General-purpose resins were initially used mainly in daily necessities such as household goods, engineering plastics are mainly used in applications for industry or manufacturing industry and, furthermore, super engineering plastics are used in specific fields, beyond satisfying required properties of materials for general industries and its market is continuously expanding.
As the automobile industry is focusing on more lightweight automobiles, demand for plastics is increasing in more various fields, and demand for polymer materials needed due to development of new technologies such as IT, semiconductors, electric vehicles, and the like is already growing in a variety of fields and is expected to be increasing more broadly in near future.
Recently, to address environmental problems due to generally used existing plastics, use of polyalkylene carbonates, which are aliphatic alkylene carbonates based on carbon dioxide generated as a byproduct gas, has drawn much attention.
Among these aliphatic alkylene carbonates, polypropylene carbonate (PPC) is prepared by polymerizing propylene oxide and carbon dioxide using a special catalyst. Currently, in the U.S., Novomer and Eastman Kodak are co-developing PPC as a packaging material with excellent oxygen-blocking properties, Japan's Sumitomo Chemical Co., Ltd is trying to enhance physical properties of PPC through complexation with other plastics and, in particular, Tianquan and the like in China are commercially producing PPC thanks to active support from the Chinese government. However, productivity of PPC is limited due to deficiency in manufacturing technology, in particular catalyst technology. In South Korea, SK Innovation Co. Ltd has succeeded in production of carbon dioxide-based polymers by developing a catalyst technology capable of minimizing the amount of a cyclic carbonate and generating high molecular weight and, currently, a total of 16 institutions including enterprises, laboratories, universities, and the like are participating in “business for practical applications of green technology using byproduct gases” organized by Ulsan Technopark and are progressing development of eco-friendly products using carbon dioxide-based polymers and commercialization thereof.
However, polyalkylene carbonates having a glass transition temperature Tg of about 38 to 40° C. are easily brittle at Tg or less and are not suitable for use in molded products due to soft and sticky properties thereof at Tg or higher, which makes use thereof as a plastic material difficult. Thus, efforts to use polyalkylene carbonates as a raw material of plastic products by improving impact strength characteristics and adhesiveness through mixing a polyalkylene carbonate with other materials and molding the mixture have continued.

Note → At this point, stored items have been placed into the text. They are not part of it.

(* In the calculus described in the context, for every well-typed expression $e:A\leadsto B$ (in which every user-defined operation carries a consistent incrementalization, and every occurrence of $+$ is at a type $A$ with $[\![A]\!]=[\![A]\!]'$ and with $\oplus$ associative and commutative on $[\![A]\!]$), the triple $(C_e,i_e,d_e)$ produced by the incrementalization transformation is a consistent incrementalization of the denotation $[\![e]\!]:[\![A]\!]\to[\![B]\!]$, i.e. for all $x\in[\![A]\!]$, $x'\in[\![A]\!]'$: $(i_e\,x)_1=[\![e]\!]\,x$; $[\![e]\!](x\oplus x')=[\![e]\!]\,x\oplus(d_e\,x'\,(i_e\,x)_2)_1$; and $(i_e(x\oplus x'))_2=(d_e\,x'\,(i_e\,x)_2)_2$.
   Context: Fix a container: a type $S$ of shapes and for each $s:S$ an index type $\mathrm{Pos}(s)$ with decidable equality. Fix a base change structure $(\beta,\beta',\oplus,\ominus)$ with $x\oplus(y\ominus x)=y$. Object types: $A,B::=\mathsf{b}\mid F_sA\mid A\times B\mid A+B$. Value types/change types and $\oplus,\ominus$: $[\![\mathsf b]\!]=\beta$, $[\![\mathsf b]\!]'=\beta'$; $[\![F_sA]\!]=\mathrm{Pos}(s)\to[\![A]\!]$, $[\![F_sA]\!]'=\mathrm{Pos}(s)\to[\![A]\!]'$ (pointwise $\oplus,\ominus$); products componentwise; $[\![A+B]\!]=[\![A]\!]+[\![B]\!]$ (injections $\iota_1,\iota_2$) and $[\![A+B]\!]'$ has constructors $\mathsf{cl}\,a',\mathsf{cr}\,b',\mathsf{sl}\,a,\mathsf{sr}\,b,\mathsf{null}$ ($a'\in[\![A]\!]',b'\in[\![B]\!]',a\in[\![A]\!],b\in[\![B]\!]$) with $\iota_1x\oplus\mathsf{cl}x'=\iota_1(x\oplus x')$, $\iota_1x\oplus\mathsf{cr}y'=\iota_1x$, $\iota_2y\oplus\mathsf{cl}x'=\iota_2y$, $\iota_2y\oplus\mathsf{cr}y'=\iota_2(y\oplus y')$, $z\oplus\mathsf{sl}x=\iota_1x$, $z\oplus\mathsf{sr}y=\iota_2y$, $z\oplus\mathsf{null}=z$; $\iota_1x\ominus\iota_1y=\mathsf{cl}(x\ominus y)$, $\iota_1x\ominus\iota_2y=\mathsf{sl}x$, $\iota_2x\ominus\iota_1y=\mathsf{sr}x$, $\iota_2x\ominus\iota_2y=\mathsf{cr}(x\ominus y)$. An incrementalization of $f:[\![A]\!]\to[\![B]\!]$ is a triple $(C,i,d)$, $C$ a type, $i:[\![A]\!]\to[\![B]\!]\times C$, $d:[\![A]\!]'\to C\to[\![B]\!]'\times C$. A user-defined operation $o:\mathsf{Op}\,A\,B$ is a function $f_o:[\![A]\!]\to[\![B]\!]$ together with a consistent incrementalization of $f_o$ (consistency meaning the three laws in the claim). Expressions, typing and denotation ($s,s_1,s_2:S$; $i:\mathrm{Pos}(s)$; $r:\mathrm{Pos}(s_2)\to\mathrm{Pos}(s_1)$; $p:\mathrm{Pos}(s)\to\mathbb B$; $c\in[\![A]\!]$): $e_1;e_2:A\leadsto C$ for $e_1:A\leadsto B,e_2:B\leadsto C$, $[\![e_1;e_2]\!]x=[\![e_2]\!]([\![e_1]\!]x)$; $e_1\times e_2:A\times C\leadsto B\times D$, $(x,y)\mapsto([\![e_1]\!]x,[\![e_2]\!]y)$; $\mathsf{id}:A\leadsto A$; $\mathsf{dup}:A\leadsto A\times A$, $x\mapsto(x,x)$; $\mathsf{fst},\mathsf{snd}$ projections; $\mathsf{cst}\,c:B\leadsto A$, $x\mapsto c$; $+:A\times A\leadsto A$, $(x,y)\mapsto x\oplus y$ (only when $[\![A]\!]=[\![A]\!]'$); $\mathsf{op}\,o:A\leadsto B$, $[\![\mathsf{op}\,o]\!]=f_o$; $\mathsf{map}\,e:F_sA\leadsto F_sB$, $x\mapsto\lambda i.[\![e]\!](x\,i)$; $\mathsf{zip}:F_sA\times F_sB\leadsto F_s(A\times B)$, $(x,y)\mapsto\lambda i.(x\,i,y\,i)$; $\mathsf{get}\,i:F_sA\leadsto A$, $x\mapsto x\,i$; $\mathsf{set}\,i:A\times F_sA\leadsto F_sA$, $(x,a)\mapsto\lambda j.\,\mathsf{if}\ i=j\ \mathsf{then}\ x\ \mathsf{else}\ a\,j$; $\mathsf{reshape}\,r:F_{s_1}A\leadsto F_{s_2}A$, $x\mapsto\lambda i.x(r\,i)$; $\mathsf{replicate}\,s:A\leadsto F_sA$, $x\mapsto\lambda i.x$; $\mathsf{tp}:F_{s_1}(F_{s_2}A)\leadsto F_{s_2}(F_{s_1}A)$, $x\mapsto\lambda i\lambda j.\,x\,j\,i$; $\mathsf{filter}\,p:A\times F_sA\leadsto F_sA$, $(x,a)\mapsto\lambda i.\,\mathsf{if}\ p\,i\ \mathsf{then}\ a\,i\ \mathsf{else}\ x$; $\mathsf{inl}:A\leadsto A+B$, $\mathsf{inr}:B\leadsto A+B$; $\mathsf{fuse}:A+A\leadsto A$, $\iota_kx\mapsto x$; $\mathsf{distr}:A\times(B+C)\leadsto A\times B+A\times C$, $(x,\iota_ky)\mapsto\iota_k(x,y)$; $e_1\|e_2:A+C\leadsto B+D$, $\iota_1x\mapsto\iota_1([\![e_1]\!]x)$, $\iota_2x\mapsto\iota_2([\![e_2]\!]x)$ (the paper prints these last two without the injections). Incrementalization transformation $e\mapsto(C_e,i_e,d_e)$: • For $e\in\{\mathsf{id},\mathsf{dup},\mathsf{fst},\mathsf{snd},\mathsf{zip},\mathsf{tp},\mathsf{get}\,i,\mathsf{set}\,i,\mathsf{reshape}\,r,\mathsf{replicate}\,s,\mathsf{filter}\,p\}$: $C_e=\mathsf{Unit}$, $i_e\,x=([\![e]\!]x,\star)$, $d_e\,x'\,\star=(e\text{'s defining equation evaluated on the change }x',\star)$ (e.g. $d_{\mathsf{dup}}x'\star=((x',x'),\star)$). For $\mathsf{inl}$/$\mathsf{inr}$: $C=\mathsf{Unit}$, $i\,x=(\iota_kx,\star)$, $d_{\mathsf{inl}}x'\star=(\mathsf{cl}\,x',\star)$, $d_{\mathsf{inr}}y'\star=(\mathsf{cr}\,y',\star)$. • $\mathsf{cst}\,c$: $C=\mathsf{Unit}$, $i\,x=(c,\star)$, $d\,x'\,\star=(c\ominus c,\star)$. • $+$: $C=\mathsf{Unit}$, $i(x,y)=(x\oplus y,\star)$, $d(x',y')\star=(x'\oplus y',\star)$. • $\mathsf{op}\,o$: the given incrementalization of $o$. • $f;g$: $C=C_f\times C_g$, $i\,x=(z,(c_1,c_2))$ where $(y,c_1)=i_f x$, $(z,c_2)=i_g y$; $d\,x'(c_1,c_2)=(z',(c_1',c_2'))$ where $(y',c_1')=d_fx'c_1$, $(z',c_2')=d_gy'c_2$. • $f\times g$: $C=C_f\times C_g$, $i(x_1,x_2)=((y_1,y_2),(c_1,c_2))$ with $(y_1,c_1)=i_fx_1$, $(y_2,c_2)=i_gx_2$; $d(x_1',x_2')(c_1,c_2)=((y_1',y_2'),(c_1',c_2'))$ with $(y_k',c_k')$ from $d_f x_1'c_1$, $d_g x_2'c_2$. • $\mathsf{map}_s f$: $C=\mathrm{Pos}(s)\to C_f$, $i\,x=(\lambda j.(i_f(x\,j))_1,\lambda j.(i_f(x\,j))_2)$, $d\,x'\,c=(\lambda j.(d_f(x'j)(c\,j))_1,\lambda j.(d_f(x'j)(c\,j))_2)$. • $\mathsf{fuse}$: $C=[\![A]\!]+[\![A]\!]$, $i(\iota_kx)=(x,\iota_kx)$; $d(\mathsf{cl}x')(\iota_1x)=(x',\iota_1(x\oplus x'))$, $d(\mathsf{cr}y')(\iota_1x)=(x\ominus x,\iota_1x)$, $d(\mathsf{cl}x')(\iota_2y)=(y\ominus y,\iota_2y)$, $d(\mathsf{cr}y')(\iota_2y)=(y',\iota_2(y\oplus y'))$, $d(\mathsf{sl}x)(\iota_kx_0)=(x\ominus x_0,\iota_1x)$, $d(\mathsf{sr}y)(\iota_ky_0)=(y\ominus y_0,\iota_2y)$, $d\,\mathsf{null}(\iota_kx)=(x\ominus x,\iota_kx)$. • $\mathsf{distr}$: $C=[\![A]\!]\times([\![B]\!]+[\![C]\!])$, $i(x,\iota_ky)=(\iota_k(x,y),(x,\iota_ky))$; $d(x',\mathsf{cl}y')(x,\iota_1y)=(\mathsf{cl}(x',y'),(x\oplus x',\iota_1(y\oplus y')))$; $d(x',\mathsf{cr}y')(x,\iota_1y)=(\mathsf{cl}(x',y\ominus y),(x\oplus x',\iota_1y))$; $d(x',\mathsf{cl}y')(x,\iota_2y)=(\mathsf{cr}(x',y\ominus y),(x\oplus x',\iota_2y))$; $d(x',\mathsf{cr}y')(x,\iota_2y)=(\mathsf{cr}(x',y'),(x\oplus x',\iota_2(y\oplus y')))$; $d(x',\mathsf{sl}y)(x,\_)=(\mathsf{sl}(x\oplus x',y),(x\oplus x',\iota_1y))$; $d(x',\mathsf{sr}y)(x,\_)=(\mathsf{sr}(x\oplus x',y),(x\oplus x',\iota_2y))$; $d(x',\mathsf{null})(x,\iota_1y)=(\mathsf{cl}(x',y\ominus y),(x\oplus x',\iota_1y))$; $d(x',\mathsf{null})(x,\iota_2y)=(\mathsf{cr}(x',y\ominus y),(x\oplus x',\iota_2y))$. • $f\|g$ ($f:A_1\leadsto B_1$, $g:A_2\leadsto B_2$): $C=C_f\times[\![B_1]\!]+C_g\times[\![B_2]\!]$; $i(\iota_1x)=(\iota_1y,\iota_1(c,y))$ with $(y,c)=i_fx$, similarly for $\iota_2$ with $g$; $d(\mathsf{cl}x')(\iota_1(c,y))=(\mathsf{cl}y',\iota_1(c',y\oplus y'))$ with $(y',c')=d_fx'c$; $d(\mathsf{cr}x')(\iota_1(c,y))=(\mathsf{null},\iota_1(c,y))$; $d(\mathsf{cl}x')(\iota_2(c,y))=(\mathsf{null},\iota_2(c,y))$; $d(\mathsf{cr}x')(\iota_2(c,y))=(\mathsf{cr}y',\iota_2(c',y\oplus y'))$ with $(y',c')=d_gx'c$; $d(\mathsf{sl}x)(\iota_1(c_0,y_0))=(\mathsf{cl}(y\ominus y_0),\iota_1(c,y))$ and $d(\mathsf{sl}x)(\iota_2\_)=(\mathsf{sl}y,\iota_1(c,y))$ with $(y,c)=i_fx$; $d(\mathsf{sr}x)(\iota_1\_)=(\mathsf{sr}y,\iota_2(c,y))$ and $d(\mathsf{sr}x)(\iota_2(c_0,y_0))=(\mathsf{cr}(y\ominus y_0),\iota_2(c,y))$ with $(y,c)=i_gx$; $d\,\mathsf{null}\,z=(\mathsf{null},z)$. *)

Record container := Container {
  shape : Type;
  pos : shape -> Type;
  pos_dec : forall (s : shape) (i j : pos s), {i = j} + {i <> j}
}.

Record bcs := Bcs {
  base : Type;
  dbase : Type;
  boplus : base -> dbase -> base;
  bominus : base -> base -> dbase;
  boplus_ominus : forall x y : base, boplus x (bominus y x) = y
}.

Inductive schg (X X' Y Y' : Type) : Type :=
| cl : X' -> schg X X' Y Y'
| cr : Y' -> schg X X' Y Y'
| sl : X -> schg X X' Y Y'
| sr : Y -> schg X X' Y Y'
| snull : schg X X' Y Y'.
Arguments cl {X X' Y Y'} _.
Arguments cr {X X' Y Y'} _.
Arguments sl {X X' Y Y'} _.
Arguments sr {X X' Y Y'} _.
Arguments snull {X X' Y Y'}.

Section Calculus.
Variable K : container.
Variable BS : bcs.

Inductive ty : Type :=
| tb : ty
| tF : shape K -> ty -> ty
| tprod : ty -> ty -> ty
| tsum : ty -> ty -> ty.

Fixpoint val (A : ty) : Type :=
  match A with
  | tb => base BS
  | tF s A => pos K s -> val A
  | tprod A B => (val A * val B)%type
  | tsum A B => (val A + val B)%type
  end.

Fixpoint chg (A : ty) : Type :=
  match A with
  | tb => dbase BS
  | tF s A => pos K s -> chg A
  | tprod A B => (chg A * chg B)%type
  | tsum A B => schg (val A) (chg A) (val B) (chg B)
  end.

Fixpoint oplus (A : ty) : val A -> chg A -> val A :=
  match A return val A -> chg A -> val A with
  | tb => boplus BS
  | tF s A => fun x x' i => oplus A (x i) (x' i)
  | tprod A B => fun x x' => (oplus A (fst x) (fst x'), oplus B (snd x) (snd x'))
  | tsum A B => fun x x' =>
      match x, x' with
      | inl x, cl x' => inl (oplus A x x')
      | inl x, cr _ => inl x
      | inr y, cl _ => inr y
      | inr y, cr y' => inr (oplus B y y')
      | _, sl a => inl a
      | _, sr b => inr b
      | z, snull => z
      end
  end.

Fixpoint ominus (A : ty) : val A -> val A -> chg A :=
  match A return val A -> val A -> chg A with
  | tb => bominus BS
  | tF s A => fun x y i => ominus A (x i) (y i)
  | tprod A B => fun x y => (ominus A (fst x) (fst y), ominus B (snd x) (snd y))
  | tsum A B => fun x y =>
      match x, y with
      | inl x, inl y => cl (ominus A x y)
      | inl x, inr _ => sl x
      | inr x, inl _ => sr x
      | inr x, inr y => cr (ominus B x y)
      end
  end.

Record incr (A B : ty) := Incr {
  iC : Type;
  ii : val A -> val B * iC;
  idd : chg A -> iC -> chg B * iC
}.
Arguments Incr {A B} iC ii idd.
Arguments iC {A B} _.
Arguments ii {A B} _ _.
Arguments idd {A B} _ _ _.

Definition consistent (A B : ty) (f : val A -> val B) (I : incr A B) : Prop :=
  forall (x : val A) (x' : chg A),
    fst (ii I x) = f x /\
    f (oplus A x x') = oplus B (f x) (fst (idd I x' (snd (ii I x)))) /\
    snd (ii I (oplus A x x')) = snd (idd I x' (snd (ii I x))).

Record Op (A B : ty) := MkOp {
  op_f : val A -> val B;
  op_inc : incr A B;
  op_consistent : consistent A B op_f op_inc
}.
Arguments op_f {A B} _ _.
Arguments op_inc {A B} _.

Definition castVC (A : ty) (E : val A = chg A) (x : val A) : chg A :=
  match E in _ = T return T with eq_refl => x end.
Definition castCV (A : ty) (E : val A = chg A) (x : chg A) : val A :=
  match E in _ = T return T -> val A with eq_refl => fun y => y end x.
Arguments castVC {A} _ _.
Arguments castCV {A} _ _.

Inductive expr : ty -> ty -> Type :=
| ecomp : forall A B C, expr A B -> expr B C -> expr A C
| epar : forall A B C D, expr A B -> expr C D -> expr (tprod A C) (tprod B D)
| eid : forall A, expr A A
| edup : forall A, expr A (tprod A A)
| efst : forall A B, expr (tprod A B) A
| esnd : forall A B, expr (tprod A B) B
| ecst : forall A B, val A -> expr B A
| eplus : forall A, val A = chg A -> expr (tprod A A) A
| eop : forall A B, Op A B -> expr A B
| emap : forall s A B, expr A B -> expr (tF s A) (tF s B)
| ezip : forall s A B, expr (tprod (tF s A) (tF s B)) (tF s (tprod A B))
| eget : forall s A, pos K s -> expr (tF s A) A
| eset : forall s A, pos K s -> expr (tprod A (tF s A)) (tF s A)
| ereshape : forall s1 s2 A, (pos K s2 -> pos K s1) -> expr (tF s1 A) (tF s2 A)
| ereplicate : forall s A, expr A (tF s A)
| etp : forall s1 s2 A, expr (tF s1 (tF s2 A)) (tF s2 (tF s1 A))
| efilter : forall s A, (pos K s -> bool) -> expr (tprod A (tF s A)) (tF s A)
| einl : forall A B, expr A (tsum A B)
| einr : forall A B, expr B (tsum A B)
| efuse : forall A, expr (tsum A A) A
| edistr : forall A B C, expr (tprod A (tsum B C)) (tsum (tprod A B) (tprod A C))
| ebranch : forall A B C D, expr A B -> expr C D -> expr (tsum A C) (tsum B D).

Arguments ecomp {A B C} _ _.
Arguments epar {A B C D} _ _.
Arguments ecst {A} B _.
Arguments eplus {A} _.
Arguments eop {A B} _.
Arguments emap s {A B} _.
Arguments eget {s} A _.
Arguments eset {s} A _.
Arguments efilter {s} A _.
Arguments ebranch {A B C D} _ _.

In particular, soft and sticky properties of polyalkylene carbonates at Tg or higher cause a phenomenon in which polyalkylene carbonate pellets are easily agglomerated as time elapses and thus the polyalkylene carbonate pellets are not fed into a molding machine when performing molding and have serious defects in distribution of the pellets. Thus, such properties need to be improved.
For example, Japanese Patent Application Laid-open No. 2007-119609 discloses a resin composition with enhanced tensile strength, elastic modulus of elongation and pyrolysis temperature by mixing polypropylene carbonate with calcium carbonate.
In addition, Chinese Patent Application Publication No. 1793237 discloses technology for enhancing glass transition temperature and mechanical characteristics, in particular tensile strength and impact strength by using a resin composition prepared by mixing polypropylene carbonate with layered silicate clay.
However, these resin compositions do not exhibit desired mechanical properties and therefore efforts to address such problems of polyalkylene carbonates through blending with polyolefin such as polyethylene (PE), polypropylene (PP), or the like, which is the most generally used, inexpensive, and has excellent processability among plastics, have been made.
However, it is impossible to blend polyolefin with polyalkylene carbonate due to a big difference between solubility parameters thereof. That is, there is no miscibility between the two resins.
In this regard, technologies for mixing between materials, which are not blended due to their different properties, have been developed according to respective base materials. For example, U.S. patent application Ser. Nos. 4,206,967 and 3,953,655 disclose use of a polymer prepared by copolymerizing or grafting a material selected from the group consisting of carboxylic acid, an anhydride, ester monomers, and the like onto a main chain or side chain of polyolefin or the like to mix a polar polymer such as ethylene vinyl alcohol (EVOH), nylon, or the like and polyolefin.
However, unlike existing base materials mixed with polyolefin, such as EVOH, nylon, and the like, when the polymer prepared by copolymerizing or grafting a material selected from the group consisting of carboxylic acid, an anhydride, ester monomers, and the like onto a main chain or side chain of polyolefin or the like is used to mix polyalkylene carbonate and polyolefin, a mixture of the two resins is unstable and thus miscibility therebetween is significantly deteriorated and it is therefore difficult to apply existing technologies to polyalkylene carbonates.
Thus, there is an urgent need to develop a polyalkylene carbonate-based molded product with enhanced mechanical characteristics and adhesiveness by increasing miscibility between polyalkylene carbonate, which is an eco-friendly material, and polyolefin such as polyethylene, polypropylene, or the like, which is a generally used plastic.